▶ **Directions for this task**
Please write out each entry exactly as it appears.

▶ **Information**
(* Let $\mu\in(0,1)$ and $\beta(a)=\frac{\mu}{1+a}$. Let $W(\tau,b)=C(\tau)(1-b)^{\mu-1}(1+e^{\tau}b)^{-\mu}$ for $\tau\ge0$, $b\in[0,1)$, with $C(\tau)>0$ such that $\int_0^1W(\tau,b)db=1$, let $\delta(\tau)=\frac{C'(\tau)}{C(\tau)^2}-\frac{\mu}{C(\tau)}$, $c(\tau)=e^{-\mu\tau}C(\tau)$, and $c_\infty=\lim_{\tau\to\infty}c(\tau)$ (which exists since $c$ is decreasing). Then for all $\tau\ge0$, $$-4e^{-(1-\mu)\tau}\le C(\tau)\delta(\tau)\le-\frac{c_\infty}{1+e^{-\tau}}e^{-(1-\mu)\tau}\le0.$$ *)

From HB Require Import structures.
From mathcomp Require Import all_boot all_order all_algebra.
From mathcomp Require Import all_classical all_reals all_analysis.
Set Implicit Arguments. Unset Strict Implicit. Unset Printing Implicit Defensive.
Import Order.TTheory GRing.Theory Num.Theory.
Import numFieldNormedType.Exports.
Local Open Scope classical_set_scope.
Local Open Scope ring_scope.

Definition Wraw {R : realType} (mu tau b : R) : R :=
  (1 - b) `^ (mu - 1) * (1 + expR tau * b) `^ (- mu).

Definition Wmass {R : realType} (mu tau : R) : R :=
  fine (\int[@lebesgue_measure R]_(b in `[0%R, 1%R[) (Wraw mu tau b)%:E)%E.

Definition Cnorm {R : realType} (mu tau : R) : R := (Wmass mu tau)^-1.

Definition delta {R : realType} (mu tau : R) : R :=
  derive1 (Cnorm mu) tau / (Cnorm mu tau) ^+ 2 - mu / Cnorm mu tau.

Definition csmall {R : realType} (mu tau : R) : R := expR (- (mu * tau)) * Cnorm mu tau.

From HB Require Import structures.
From mathcomp Require Import all_boot all_order all_algebra.
From mathcomp Require Import all_classical all_reals all_analysis.
From mathcomp Require Import measurable_realfun ring lra.
Set Implicit Arguments. Unset Strict Implicit. Unset Printing Implicit Defensive.
Import Order.TTheory GRing.Theory Num.Theory.
Import numFieldNormedType.Exports.
Local Open Scope classical_set_scope.
Local Open Scope ring_scope.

▶ **Exercise output**
(* Let $\mu\in(0,1)$ and $\beta(a)=\frac{\mu}{1+a}$. Let $W(\tau,b)=C(\tau)(1-b)^{\mu-1}(1+e^{\tau}b)^{-\mu}$ for $\tau\ge0$, $b\in[0,1)$, with $C(\tau)>0$ such that $\int_0^1W(\tau,b)db=1$, let $\delta(\tau)=\frac{C'(\tau)}{C(\tau)^2}-\frac{\mu}{C(\tau)}$, $c(\tau)=e^{-\mu\tau}C(\tau)$, and $c_\infty=\lim_{\tau\to\infty}c(\tau)$ (which exists since $c$ is decreasing). Then for all $\tau\ge0$, $$-4e^{-(1-\mu)\tau}\le C(\tau)\delta(\tau)\le-\frac{c_\infty}{1+e^{-\tau}}e^{-(1-\mu)\tau}\le0.$$ *)

From HB Require Import structures.
From mathcomp Require Import all_boot all_order all_algebra.
From mathcomp Require Import all_classical all_reals all_analysis.
Set Implicit Arguments. Unset Strict Implicit. Unset Printing Implicit Defensive.
Import Order.TTheory GRing.Theory Num.Theory.
Import numFieldNormedType.Exports.
Local Open Scope classical_set_scope.
Local Open Scope ring_scope.

Definition Wraw {R : realType} (mu tau b : R) : R :=
  (1 - b) `^ (mu - 1) * (1 + expR tau * b) `^ (- mu).

Definition Wmass {R : realType} (mu tau : R) : R :=
  fine (\int[@lebesgue_measure R]_(b in `[0%R, 1%R[) (Wraw mu tau b)%:E)%E.

Definition Cnorm {R : realType} (mu tau : R) : R := (Wmass mu tau)^-1.

Definition delta {R : realType} (mu tau : R) : R :=
  derive1 (Cnorm mu) tau / (Cnorm mu tau) ^+ 2 - mu / Cnorm mu tau.

Definition csmall {R : realType} (mu tau : R) : R := expR (- (mu * tau)) * Cnorm mu tau.

From HB Require Import structures.
From mathcomp Require Import all_boot all_order all_algebra.
From mathcomp Require Import all_classical all_reals all_analysis.
From mathcomp Require Import measurable_realfun ring lra.
Set Implicit Arguments. Unset Strict Implicit. Unset Printing Implicit Defensive.
Import Order.TTheory GRing.Theory Num.Theory.
Import numFieldNormedType.Exports.
Local Open Scope classical_set_scope.
Local Open Scope ring_scope.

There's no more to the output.